= Human trafficking in Kyrgyzstan =

The Kyrgyz Republic ratified the 2000 UN TIP Protocol in October 2003.

In 2008 Kyrgyzstan was a source, transit, and to a lesser extent a destination country for men and women trafficked from Uzbekistan, Tajikistan, and Turkmenistan for purposes of forced labor and commercial sexual exploitation. Men and women were trafficked to Kazakhstan for forced agricultural labor - mainly in tobacco fields - to Russia for forced construction work, and to China for bonded labor. Kyrgyz and foreign women were trafficked to the U.A.E., China, Kazakhstan, South Korea, Italy, Turkey, Greece, Cyprus, Thailand, Germany, and Syria for sexual exploitation.

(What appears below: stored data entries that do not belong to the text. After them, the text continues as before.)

Lemma disjoint_porbits (T : finType) (s : {perm T}) x y :
  porbit s x != porbit s y -> [disjoint porbit s x & porbit s y].
Proof.
apply: contraR => /pred0Pn[u /andP[]].
by rewrite /= -!eq_porbit_mem => /eqP <- /eqP <-.
Qed.

Lemma sum_perm_fixed (R : nzRingType) (p : nat) (T : finType) (s : {perm T})
    (P : pred T) (F : T -> R) :
    p \in [pchar R] -> (s ^+ p)%g = 1%g ->
    (forall t, P (s t) = P t) -> (forall t, F (s t) = F t) ->
  \sum_(t | P t) F t = \sum_(t | P t && (s t == t)) F t.
Proof.
(* The non-fixed points split into s-orbits of size p, each contributing p F = 0. *)
move=> pcharRp sp sP sF.
rewrite (bigID (fun t => s t == t)) /= [X in _ + X](_ : _ = 0) ?addr0 //.
set Q := [set t | P t && (s t != t)]; set orbits := [set porbit s t | t in Q].
have coverQ : cover orbits = Q.
  apply/setP => t; apply/bigcupP/idP => [[_ /imsetP[u uQ ->] tu] | tQ].
    have sQ v : (s v \in Q) = (v \in Q) by rewrite !inE sP (inj_eq perm_inj).
    by rewrite (porbit_invariant (F := fun v => v \in Q) sQ tu).
  by exists (porbit s t); [apply: imset_f | apply: porbit_id].
rewrite (eq_bigl [in cover orbits]) => [|t]; last by rewrite /= coverQ inE.
rewrite big_trivIset; last first.
  apply/trivIsetP => _ _ /imsetP[u _ ->] /imsetP[v _ ->]; exact: disjoint_porbits.
apply: big1 => _ /imsetP[u uQ ->]; rewrite (eq_bigr (fun=> F u)).
  rewrite sumr_const (card_porbit_prime (pcharf_prime pcharRp)) ?mulrn_pchar //.
  by move: uQ; rewrite inE => /andP[].
exact: porbit_invariant.
Qed.

Lemma imset_permD (T : finType) (s : {perm T}) (A B : {set T}) :
  s @: (A :\: B) = s @: A :\: s @: B.
Proof. by rewrite -!preim_permV preimsetD. Qed.

Lemma card_imset_perm (T : finType) (s : {perm T}) (A : {set T}) : #|s @: A| = #|A|.
Proof. by apply/card_imset/perm_inj. Qed.

Lemma imset_permS (T : finType) (s : {perm T}) (A B : {set T}) :
  (s @: A \subset s @: B) = (A \subset B).
Proof.
apply/idP/idP => [/subsetP sAB|/imsetS//]; apply/subsetP => t tA.
by rewrite -(mem_imset _ _ (@perm_inj _ s)) sAB ?imset_f.
Qed.

Lemma prod_imset_perm (R : comPzSemiRingType) (T : finType) (s : {perm T})
    (v : T -> R) (A : {set T}) :
  (forall t, v (s t) = v t) -> \prod_(t in s @: A) v t = \prod_(t in A) v t.
Proof.
move=> sv; rewrite big_imset /=; last by move=> ? ? _ _ /perm_inj.
by apply: eq_bigr => t _; rewrite sv.
Qed.

Lemma sum_subsets_perm_fixed (R : nzRingType) (p : nat) (T : finType) (s : {perm T})
    (P : pred {set T}) (F : {set T} -> R) :
    p \in [pchar R] -> (s ^+ p)%g = 1%g ->
    (forall A : {set T}, P (s @: A) = P A) -> (forall A : {set T}, F (s @: A) = F A) ->
  \sum_(A | P A) F A = \sum_(A | P A && (s @: A == A)) F A.
Proof.
move=> pcharRp sp sP sF; have setpermE (A : {set T}) : actperm 'P^* s A = s @: A.
  by rewrite actpermE; apply: setactE.
have sp' : (actperm 'P^* s ^+ p)%g = 1%g by rewrite -morphX ?inE // sp morph1.
rewrite (sum_perm_fixed pcharRp sp') => [|A|A]; rewrite ?setpermE //.
by apply: eq_bigl => A; rewrite setpermE.
Qed.

Definition subset_split_sum (R : comPzSemiRingType) (T : finType) (k : nat)
    (y z : T -> R) (C : {set T}) : R :=
  \sum_(A : {set T} | (A \subset C) && (#|A| == k))
    (\prod_(i in A) y i) * (\prod_(i in C :\: A) z i).

Lemma subset_split_sum_imset_perm (R : comPzSemiRingType) (T : finType) (s : {perm T})
    (k : nat) (y z : T -> R) (C : {set T}) :
    (forall t, y (s t) = y t) -> (forall t, z (s t) = z t) ->
  subset_split_sum k y z (s @: C) = subset_split_sum k y z C.
Proof.
move=> sy sz; rewrite /subset_split_sum (reindex_inj (imset_inj (@perm_inj _ s))) /=.
apply: eq_big => [A|A _]; first by rewrite imset_permS card_imset_perm.
by rewrite -imset_permD !prod_imset_perm.
Qed.

Section PrimeOrderFixedPointFree.

Variables (p : nat) (T : finType) (s : {perm T}) (y z : T -> 'F_p).
Hypotheses (p_pr : prime p) (sp : (s ^+ p)%g = 1%g) (s_fpf : forall t, s t != t).
Hypotheses (sy : forall t, y (s t) = y t) (sz : forall t, z (s t) = z t).

Lemma card_porbit x : #|porbit s x| = p.
Proof. exact: card_porbit_prime. Qed.

Lemma stable_card_prime (A : {set T}) x :
  s @: A = A -> #|A| = p -> x \in A -> A = porbit s x.
Proof.
move=> sA cardA xA; apply/esym/eqP.
by rewrite eqEcard porbit_subset //= card_porbit cardA.
Qed.

Lemma stable_card_double (A : {set T}) :
    s @: A = A -> #|A| = (2 * p)%N ->
  exists a b, porbit s a != porbit s b /\ A = porbit s a :|: porbit s b.
Proof.
move=> sA cardA; have p_gt0 := prime_gt0 p_pr.
have /set0Pn[a aA] : A != set0 by rewrite -card_gt0 cardA muln_gt0.
have Oa_sub := porbit_subset sA aA.
set B := A :\: porbit s a.
have sB : s @: B = B by rewrite imset_permD sA imset_porbit.
have cardB : #|B| = p by rewrite cardsD (setIidPr Oa_sub) cardA card_porbit mul2n -addnn addnK.
have /set0Pn[b bB] : B != set0 by rewrite -card_gt0 cardB.
exists a, b; split.
  by rewrite eq_porbit_mem; apply: contraTN bB => bOa; rewrite !inE -porbit_sym bOa.
by rewrite -(stable_card_prime sB cardB bB) -{1}(setIidPr Oa_sub) setID.
Qed.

The Government of the Kyrgyz Republic did not fully comply with the minimum standards for the elimination of trafficking in 2008; however, it made significant efforts to do so. Although the government demonstrated some limited progress in collecting law enforcement data, complicity in trafficking of low-level government officials remained a concern. NGOs reported improved efforts by law enforcement personnel in referring victims for assistance.

The U.S. State Department's Office to Monitor and Combat Trafficking in Persons placed the country in "Tier 2" in 2017 and 2023.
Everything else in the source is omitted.